The 2000s were an odd era at Disney because they were obviously wanting to expand their brand beyond the "princess and musical" reputation they had developed throughout the 90s at a time when the "teen boys control the marketplace and everyone else is a second class citizen" mentality was alive and well throughout Hollywood. They tried chasing that demographic early that decade with Atlantis: The Lost Empire and Treasure Planet, and both of them failed pretty damn hard in becoming the game-changers they wanted them to be (the latter especially ended up killing the hand-drawn division at a time when Pixar/DreamWorks computer animation cartoons were taking over). The Shrek Effect in particular resulted in lame efforts that even they like to pretend don't exist nowadays like Chicken Little, and it wasn't until they started embracing their bread and butter of producing Broadway-style musicals again (along with buying major iconic IPs along with carving out a successful niche in bringing their beloved animated classics to life via live-action star-studded remakes) that they began their trek to becoming the all-powerful brand they are today. The late 2000s/early 2010s was also a time when they started fully embracing their family-friendly nature too: they implemented a "no smoking" ban in their movies 15 years ago (I think Alice in Wonderland '10 is the only movie that snuck past that ban to deliver perhaps the single greatest MPA description ever: "and for a smoking caterpillar.") and also closed down all the night clubs at Downtown Disney (now Disney Springs) and renaming Pleasure Island as The Landing. Somehow, it wasn't until three years ago that they finally banned smoking in both sets of US theme parks.

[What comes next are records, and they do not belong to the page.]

(* Let $(\mathbf{M}_i)_{i\in I}$ be a family of $L$-structures with an emerging metric along an ultrafilter $\mathcal{D}$ on $I$, with local ultraproduct $\mathbf{M}_{\mathrm{loc}}$. Let $\sigma(\bar x)$ be a formula (in the sense of general real-valued structures) in the vocabulary $L^+$ all of whose quantifiers are restricted to sorts $S_m$, and for each $i\in I$ let $\bar a(i)$ be a tuple of parameters in $M_i$, all lying in $S_{m_0}(M_i)$ for a fixed $m_0\in\mathbb{N}$. Let $\bar a=\mathsf{lm}^{\mathrm{loc}}([\bar a(i)]_{\mathcal{D}})\in\mathbf{M}_{\mathrm{loc}}$. Then $$\lim_{\mathcal{D}}\ \sigma^{\mathbf{M}_i}(\bar a(i))=\sigma^{\mathbf{M}_{\mathrm{loc}}}(\bar a),$$ where $\lim_{\mathcal{D}}$ is the limit of real numbers along the ultrafilter $\mathcal{D}$.
   Context: Emerging metric: each $M_i$ carries subsets $S_m(M_i)$, $m\in\mathbb{N}$, with $S_m(M_i)\subseteq S_{m+1}(M_i)$, $\bigcup_m S_m(M_i)=M_i$, and a distance function $\mathsf{d}_i:M_i^2\to\mathbb{R}_{\ge0}$; in the first-order ultraproduct ${}^*\mathbf{M}=\prod_{\mathcal{D}}\mathbf{M}_i$, with $S_m({}^*M)=\prod_{\mathcal{D}}S_m(M_i)$ and induced hyperreal-valued $\mathsf{d}$, one requires: (1) the triangle inequality; (2) for each $n$-ary function symbol $f$ and $m$ some $k$ with $f(S_m({}^*M)^n)\subseteq S_k({}^*M)$; (3) $\mathsf{d}(x,y)\le m$ on $S_m({}^*M)$; (4) for each $f$, $m$, real $\epsilon>0$ a real $\delta>0$ with $\mathsf{d}(f(\bar x),f(\bar y))<\epsilon$ whenever $\bar x,\bar y\in S_m({}^*M)^n$, $\mathsf{d}(x_j,y_j)<\delta$ for all $j$; (5) for each relation symbol $P$, $m$, and $\bar x^0\in S_m({}^*M)^n\setminus P$ a real $\delta>0$ such that $\bar x\notin P$ whenever $\mathsf{d}(x^0_j,x_j)<\delta$ for all $j$. The local part ${}^*\mathbf{M}_{\mathrm{loc}}$ has universe $\bigcup_{m\in\mathbb{N}}S_m({}^*M)$; $x\approx y$ iff $\mathsf{d}(x,y)\le1/n$ for all $n\in\mathbb{N}$; $\mathbf{M}_{\mathrm{loc}}={}^*\mathbf{M}_{\mathrm{loc}}/\!\approx$ with induced functions, relations interpreted as images, $S_m$ interpreted as the image of $S_m({}^*M)$, and metric $\mathrm{st}\,\mathsf{d}$; $\mathsf{lm}^{\mathrm{loc}}$ is the quotient map. The vocabulary $L^+$ is $L$ without equality together with the distance symbol $\mathsf{d}$ and unary predicates $S_m$. Formulas are those of general (real-valued) structures: atomic formulas are $\mathsf{d}(t_1,t_2)$ and $P(\bar t)$ (a relation taking truth value $0$ if it holds and $1$ otherwise), connectives are arbitrary continuous real functions of finitely many arguments, quantifiers are $\sup_x$ and $\inf_x$ (here restricted to $x\in S_m$), and the truth value $\sigma^{\mathbf{N}}(\bar a)$ in a structure $\mathbf{N}$ is defined by induction on the formula, with $\mathsf{d}$ interpreted as $\mathsf{d}_i$ in $\mathbf{M}_i$ and as the metric in $\mathbf{M}_{\mathrm{loc}}$. *)

From Stdlib Require Import Reals Lra Lia Arith ClassicalEpsilon Classical.
From Coquelicot Require Import Coquelicot.
Open Scope R_scope.

Definition Ix (n : nat) : Type := {k : nat | (k < n)%nat}.

Record Vocab := {
  fsym : Type;
  farity : fsym -> nat;
  rsym : Type;
  rarity : rsym -> nat }.

(* ---------- a structure for the vocabulary L^+ :
   L without equality, plus the distance symbol d and unary predicates S_m --- *)
Record GStruct (L : Vocab) := {
  carrier : Type;
  gd : carrier -> carrier -> R;
  gfn : forall f : fsym L, (Ix (farity L f) -> carrier) -> carrier;
  grl : forall P : rsym L, (Ix (rarity L P) -> carrier) -> Prop;
  gS : nat -> carrier -> Prop }.
Arguments carrier {L}.
Arguments gd {L}.
Arguments gfn {L}.
Arguments grl {L}.
Arguments gS {L}.

Definition cont_conn {k : nat} (u : (Ix k -> R) -> R) : Prop :=
  forall (x : Ix k -> R) (eps : R), 0 < eps ->
    exists delta, 0 < delta /\
      forall y : Ix k -> R, (forall j, Rabs (y j - x j) < delta) ->
        Rabs (u y - u x) < eps.

Inductive term (L : Vocab) (n : nat) : Type :=
| tvar : Ix n -> term L n
| tapp : forall f : fsym L, (Ix (farity L f) -> term L n) -> term L n.
Arguments tvar {L n}.
Arguments tapp {L n}.

(* formulas with free variables among x_0,...,x_{n-1};
   quantifiers bind the new variable x_n and are restricted to S_m *)
Inductive formula (L : Vocab) : nat -> Type :=
| fdist : forall n, term L n -> term L n -> formula L n
| frel : forall n (P : rsym L), (Ix (rarity L P) -> term L n) -> formula L n
| fconn : forall n k (u : (Ix k -> R) -> R), cont_conn u ->
          (Ix k -> formula L n) -> formula L n
| fsup : forall n, nat -> formula L (S n) -> formula L n
| finf : forall n, nat -> formula L (S n) -> formula L n.
Arguments fdist {L n}.
Arguments frel {L n}.
Arguments fconn {L n k}.
Arguments fsup {L n}.
Arguments finf {L n}.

I think that more compelling evidence of the "Family Friendly" image is that Disney no longer made any R rated movies, which they did pretty regularly in the 90's and early 2000's though not using the name Disney but the name of one of their other studios..Miramax, Dimenison, Hollywood movie etc.

Now Disney seems to be getting back in the business of releasing R rated moviesl I guess they feel the family friendly strategy has served it;s purpose. 

I have a theory that they found out that the people who would be offended by R rated material are turning on Disney anyway for political reasons, and most people just don't give a damn.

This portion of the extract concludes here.